Dernier film de Jacques Becker, l'auteur du célèbre Casque D'Or, Le Trou était considéré par Jean-Pierre Melville, ni plus ni moins, comme le plus grand film de l'histoire du cinéma français.
Même si le temps a é depuis, ce huis-clos carcéral magistral garde encore aujourd'hui toute son efficacité. Adapté du premier roman de José Giovanni, inspiré de sa propre expérience en prison, Le Trou est un remarquable film à la tension de tous les instants, imprégné d'une ambiance lourde et palpable dans quasiment chaque plan, ce film d'évasion soutien aisément la comparaison avec n'importe quel équivalent américain, a qui il aura probablement servi de modèle par la suite.
Apparemment inspiré par le film de Robert Bresson, Un Condamné à mort s'est échappé, dont Becker souhaitait répondre à sa façon, ce thriller à l'ambiance feutrée et au suspense incroyablement bien distillé est aussi avant tout un film sur la vie de groupe en milieu isolé.
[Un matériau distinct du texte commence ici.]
(* A set of observables $A^1,\dots,A^m$ on $\mathbb C^d$ is informationally complete for pure states if and only if the composite physical imposition operator has no bifurcations in its physical fixed points, i.e. if and only if the number of rays contained in $\Gamma_{A^1\cdots A^m\Phi}$ is the same for every unit vector (generator state) $\Phi\in\mathbb C^d$.
   Context: States are unit vectors of $\mathbb C^d$; each observable $A^j$ is non-degenerate, identified with its orthonormal eigenbasis $\{\varphi^j_k\}_{k=0}^{d-1}$. Informationally complete (for pure states): whenever unit $\Phi,\Psi$ satisfy $|\langle\varphi^j_k,\Phi\rangle|=|\langle\varphi^j_k,\Psi\rangle|$ for all $j,k$, then $\Psi=e^{i\alpha}\Phi$. Physical imposition operator: $T_{A\Phi}\Psi=\sum_{k}|\langle\varphi_k,\Phi\rangle|\,u_k(\Psi)\,\varphi_k$, with $u_k(\Psi)=\langle\varphi_k,\Psi\rangle/|\langle\varphi_k,\Psi\rangle|$ if nonzero and $1$ otherwise. $\Gamma_{A\Phi}=\{\Psi\text{ unit}:T_{A\Phi}\Psi=\Psi\}$, $\Gamma_{A^1\cdots A^m\Phi}=\bigcap_j\Gamma_{A^j\Phi}$ (a union of rays $\{e^{i\alpha}\Psi\}$); a bifurcation means a change of the number of such rays as the generator state $\Phi$ varies. *)

(* The field of complex numbers is modelled by an arbitrary
   numClosedFieldType C (algebraically closed field with conjugation and norm). *)
From HB Require Import structures.
From mathcomp Require Import all_boot all_order all_algebra.
Set Implicit Arguments. Unset Strict Implicit. Unset Printing Implicit Defensive.
Import Order.TTheory GRing.Theory Num.Theory.
Local Open Scope ring_scope.

Section QDefs.
Variable C : numClosedFieldType.
Variable d : nat.

Definition inner (u v : 'cV[C]_d) : C := \sum_(i < d) (u i 0)^* * v i 0.

Definition unit_vec (v : 'cV[C]_d) : Prop := inner v v = 1.

(* an observable = its orthonormal eigenbasis phi_0 .. phi_{d-1} *)
Definition onbasis (phi : 'I_d -> 'cV[C]_d) : Prop :=
  forall k l : 'I_d, inner (phi k) (phi l) = (k == l)%:R.

Definition phase (z : C) : C := if z == 0 then 1 else z / `|z|.

Definition impose (phi : 'I_d -> 'cV[C]_d) (Phi Psi : 'cV[C]_d) : 'cV[C]_d :=
  \sum_(k < d) (`|inner (phi k) Phi| * phase (inner (phi k) Psi)) *: phi k.

Definition Gamma (m : nat) (A : 'I_m -> 'I_d -> 'cV[C]_d) (Phi Psi : 'cV[C]_d) : Prop :=
  unit_vec Psi /\ forall j : 'I_m, impose (A j) Phi Psi = Psi.

Definition same_ray (Psi Psi' : 'cV[C]_d) : Prop :=
  exists c : C, `|c| = 1 /\ Psi' = c *: Psi.

Definition info_complete (m : nat) (A : 'I_m -> 'I_d -> 'cV[C]_d) : Prop :=
  forall Phi Psi : 'cV[C]_d, unit_vec Phi -> unit_vec Psi ->
    (forall (j : 'I_m) (k : 'I_d), `|inner (A j k) Phi| = `|inner (A j k) Psi|) ->
    same_ray Phi Psi.

(* The sets of rays contained in S1 and S2 have the same cardinality:
   f induces a bijection between the ray-quotients of S1 and S2. *)
Definition same_num_rays (S1 S2 : 'cV[C]_d -> Prop) : Prop :=
  exists f : 'cV[C]_d -> 'cV[C]_d,
    (forall x, S1 x -> S2 (f x)) /\
    (forall x y, S1 x -> S1 y -> (same_ray x y <-> same_ray (f x) (f y))) /\
    (forall y, S2 y -> exists x, S1 x /\ same_ray (f x) y).

Definition no_bifurcation (m : nat) (A : 'I_m -> 'I_d -> 'cV[C]_d) : Prop :=
  forall Phi Phi' : 'cV[C]_d, unit_vec Phi -> unit_vec Phi' ->
    same_num_rays (Gamma A Phi) (Gamma A Phi').
End QDefs.

(* The key observation is that Psi is a fixed point of T_{A Phi} exactly when
   |<phi_k, Psi>| = |<phi_k, Phi>| for every eigenvector phi_k of A, so that
   Gamma_{A^1...A^m Phi} is the set of unit vectors sharing all measurement
   moduli with Phi; in particular Phi itself always lies in it.  Hence the
   observables are informationally complete iff every Gamma_Phi consists of a
   single ray.  On the other hand, for Phi an eigenvector of one observable
   Gamma_Phi is always the single ray of Phi.  Since "having the same number
   of rays" as a one-ray set forces a set to have at most one ray, absence of
   bifurcations is also equivalent to every Gamma_Phi being one ray. *)
From HB Require Import structures.
From mathcomp Require Import all_boot all_order all_algebra.
Import Order.TTheory GRing.Theory Num.Theory.
Local Open Scope ring_scope.
Set Implicit Arguments. Unset Strict Implicit.

Section ImpositionOperator.
Variable C : numClosedFieldType.
Variable d : nat.
Implicit Types (phi : 'I_d -> 'cV[C]_d) (u v Phi Psi : 'cV[C]_d).

Lemma onbasis_expand phi : onbasis phi ->
  forall v, v = \sum_(k < d) inner (phi k) v *: phi k.
Proof.
move=> hphi v.
pose M := \matrix_(i < d, k < d) phi k i 0.
pose N := \matrix_(k < d, i < d) (phi k i 0)^*.
have NM : N *m M = 1%:M.
  apply/matrixP => k l; rewrite !mxE -hphi /inner.
  by apply: eq_bigr => i _; rewrite !mxE.
have MN := mulmx1C NM.
apply/matrixP => i j; rewrite (ord1 j) {j}.
have := congr1 (fun X => (X *m v) i 0) MN.
rewrite mul1mx -mulmxA => <-.
rewrite summxE !mxE; apply: eq_bigr => k _.
rewrite !mxE mulrC /inner; congr (_ * _).
by apply: eq_bigr => l _; rewrite !mxE.
Qed.

Lemma inner_sum u (F : 'I_d -> C) (w : 'I_d -> 'cV[C]_d) :
  inner u (\sum_(k < d) F k *: w k) = \sum_(k < d) F k * inner u (w k).
Proof.
rewrite /inner.
under eq_bigr => i _ do rewrite summxE mulr_sumr.
rewrite exchange_big /=; apply: eq_bigr => k _.
rewrite mulr_sumr; apply: eq_bigr => i _.
by rewrite mxE mulrCA.
Qed.

Lemma inner_onbasis_sum phi (F : 'I_d -> C) l : onbasis phi ->
  inner (phi l) (\sum_(k < d) F k *: phi k) = F l.
Proof.
move=> hphi; rewrite inner_sum (bigD1 l) //= hphi eqxx mulr1 big1 ?addr0 //.
by move=> k /negbTE kl; rewrite hphi eq_sym kl mulr0.
Qed.

Lemma norm_phase (z : C) : `|phase z| = 1.
Proof.
rewrite /phase; case: eqP => [_|/eqP z0]; first by rewrite normr1.
by rewrite normrM normfV normr_id divff // normr_eq0.
Qed.

Lemma polar_phase (z : C) : `|z| * phase z = z.
Proof.
rewrite /phase; case: eqP => [->|/eqP z0]; first by rewrite normr0 mul0r.
by rewrite mulrC divfK // normr_eq0.
Qed.

Lemma impose_fixE phi Phi Psi : onbasis phi ->
  impose phi Phi Psi = Psi <->
  forall k, `|inner (phi k) Phi| = `|inner (phi k) Psi|.
Proof.
move=> hphi; split=> [fixPsi k | mod_eq].
  have := congr1 (inner (phi k)) fixPsi.
  rewrite /impose inner_onbasis_sum // => <-.
  by rewrite normrM norm_phase mulr1 normr_id.
rewrite [RHS](onbasis_expand hphi) /impose; apply: eq_bigr => k _.
by rewrite mod_eq polar_phase.
Qed.

Lemma eigen_moduli_ray phi l Psi : onbasis phi ->
  (forall k, `|inner (phi k) (phi l)| = `|inner (phi k) Psi|) ->
  same_ray (phi l) Psi.
Proof.
move=> hphi mod_eq; exists (inner (phi l) Psi); split.
  by rewrite -mod_eq hphi eqxx normr1.
rewrite [LHS](onbasis_expand hphi) (bigD1 l) //= big1 ?addr0 // => k kl.
have /esym/eqP := mod_eq k; rewrite hphi (negbTE kl) normr0 normr_eq0.
by move/eqP->; rewrite scale0r.
Qed.

Lemma unit_vec_dim_gt0 v : unit_vec v -> (0 < d)%N.
Proof.
rewrite lt0n; apply: contraPneq => d0; rewrite /unit_vec /inner big1.
  by move/esym/eqP; rewrite oner_eq0.
by move=> i; exfalso; case: i => i; rewrite d0.
Qed.

End ImpositionOperator.

Section Rays.
Variable C : numClosedFieldType.
Variable d : nat.
Implicit Types (x y z : 'cV[C]_d) (S : 'cV[C]_d -> Prop).

Lemma same_ray_refl x : same_ray x x.
Proof. by exists 1; rewrite normr1 scale1r. Qed.

Lemma same_ray_common x y z : same_ray x y -> same_ray x z -> same_ray y z.
Proof.
move=> [a [na ->]] [b [nb ->]].
have a0 : a != 0 by rewrite -normr_eq0 na oner_eq0.
exists (b / a); split; first by rewrite normrM normfV na nb divr1.
by rewrite scalerA divfK.
Qed.

Definition one_ray S : Prop := forall x y, S x -> S y -> same_ray x y.

Lemma one_ray_same_num_rays (S1 S2 : 'cV[C]_d -> Prop) x1 x2 :
  one_ray S1 -> one_ray S2 -> S1 x1 -> S2 x2 -> same_num_rays S1 S2.
Proof.
move=> ray1 ray2 S1x1 S2x2; exists (fun=> x2); split; [|split].
- by [].
- by move=> x y S1x S1y; split=> _; [exact: same_ray_refl | exact: ray1].
- by move=> y S2y; exists x1; split; last exact: ray2.
Qed.

Lemma same_num_rays_one_ray (S1 S2 : 'cV[C]_d -> Prop) :
  same_num_rays S1 S2 -> one_ray S2 -> one_ray S1.
Proof.
move=> [f [f_in [f_ray _]]] ray2 x y S1x S1y.
by apply/(f_ray _ _ S1x S1y); apply: ray2; apply: f_in.
Qed.

End Rays.

Section PhysicalFixedPoints.
Variable C : numClosedFieldType.
Variables d m : nat.
Variable A : 'I_m -> 'I_d -> 'cV[C]_d.
Hypothesis A_onbasis : forall j, onbasis (A j).

Lemma GammaE Phi Psi : Gamma A Phi Psi <->
  unit_vec Psi /\
  forall j k, `|inner (A j k) Phi| = `|inner (A j k) Psi|.
Proof.
split=> [[uPsi fixPsi] | [uPsi mod_eq]]; split=> // j.
  by apply/impose_fixE.
by apply/impose_fixE => // k; apply: mod_eq.
Qed.

Lemma Gamma_self Phi : unit_vec Phi -> Gamma A Phi Phi.
Proof. by move=> uPhi; apply/GammaE. Qed.

Lemma info_completeE :
  info_complete A <-> forall Phi, unit_vec Phi -> one_ray (Gamma A Phi).
Proof.
split=> [IC Phi uPhi x y /GammaE[ux mod_x] /GammaE[uy mod_y] | rays].
  by apply: IC => // j k; rewrite -mod_x -mod_y.
move=> Phi Psi uPhi uPsi mod_eq.
by apply: (rays Phi) => //; [apply: Gamma_self | apply/GammaE].
Qed.

Lemma Gamma_eigen_one_ray j l : one_ray (Gamma A (A j l)).
Proof.
have ray_of x : Gamma A (A j l) x -> same_ray (A j l) x.
  by move=> /GammaE[_ mod_eq]; apply: eigen_moduli_ray (mod_eq j).
by move=> x y /ray_of rx /ray_of ry; apply: same_ray_common rx ry.
Qed.

End PhysicalFixedPoints.

Theorem mainTheorem11 (C : numClosedFieldType) (d m : nat)
    (A : 'I_m -> 'I_d -> 'cV[C]_d) :
  (0 < m)%N -> (forall j : 'I_m, onbasis (A j)) ->
  (info_complete A <-> no_bifurcation A).
Proof.
move=> m_gt0 A_onbasis; apply: iff_trans (info_completeE A_onbasis) _; split.
- move=> rays Phi Phi' uPhi uPhi'.
  by apply: one_ray_same_num_rays (rays _ uPhi) (rays _ uPhi') _ _;
    apply: Gamma_self.
- move=> NB Phi uPhi.
  pose j0 : 'I_m := Ordinal m_gt0.
  pose e := A j0 (Ordinal (unit_vec_dim_gt0 uPhi)).
  have ue : unit_vec e by rewrite /unit_vec A_onbasis eqxx.
  apply: same_num_rays_one_ray (NB _ _ uPhi ue) _.
  exact: Gamma_eigen_one_ray.
Qed.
Quand on dort à 5 dans une cellule étriquée, ça crée forcément des liens. Même si la vision du taulard ayant le sens des valeurs et de l'honneur est un peu idéalisée et que les liens avec le petit nouveau sont un peu trop rapidement tissés, le film ne s'en trouve jamais affaibli et garde tout son potentiel et sa force de frappe.
Servi par un casting impeccable dans lequel on reconnaît aisément Michel Constantin et Philippe Leroy, deux figures incontournables du polar à l'européenne, le premier s'illustrera chez Verneuil et Lautner entre autres, et le second sera l'une des figures de proue du polar transalpin notamment, et tournera chez Fernando Di Leo et Umberto Lenzi. A noter la présence de Jean Kéraudy dans le rôle du débrouillard Roland qui interpréta ici son unique rôle pour le cinéma, qui pour sa part transfigure sa propre histoire car il fût en réalité l'un des 5 de la Santé. C'est d’ailleurs lui qui ouvre le film en rendant hommage au réalisateur.
Ce film marque clairement par sa maîtrise de tous les instants, son incroyable capacité à créer de la tension, ses idées de mise en scène et son utilisation des contrastes noirs et blancs digne du film-noir ça aurait pu être réalisé par un Raoul Walsh ou un Michael Curtiz qu'on en aurait pas vu la différence.
Doublé d'une grande clairvoyance dans les rapports des taulards entre eux et d'une magistrale leçon de cinéma viscéral à la mise en scène d'orfèvre, Le Trou est probablement l'une des réussites majeures du genre au-delà des frontières. Une véritable leçon de cinéma orchestrée par un maître en la matière.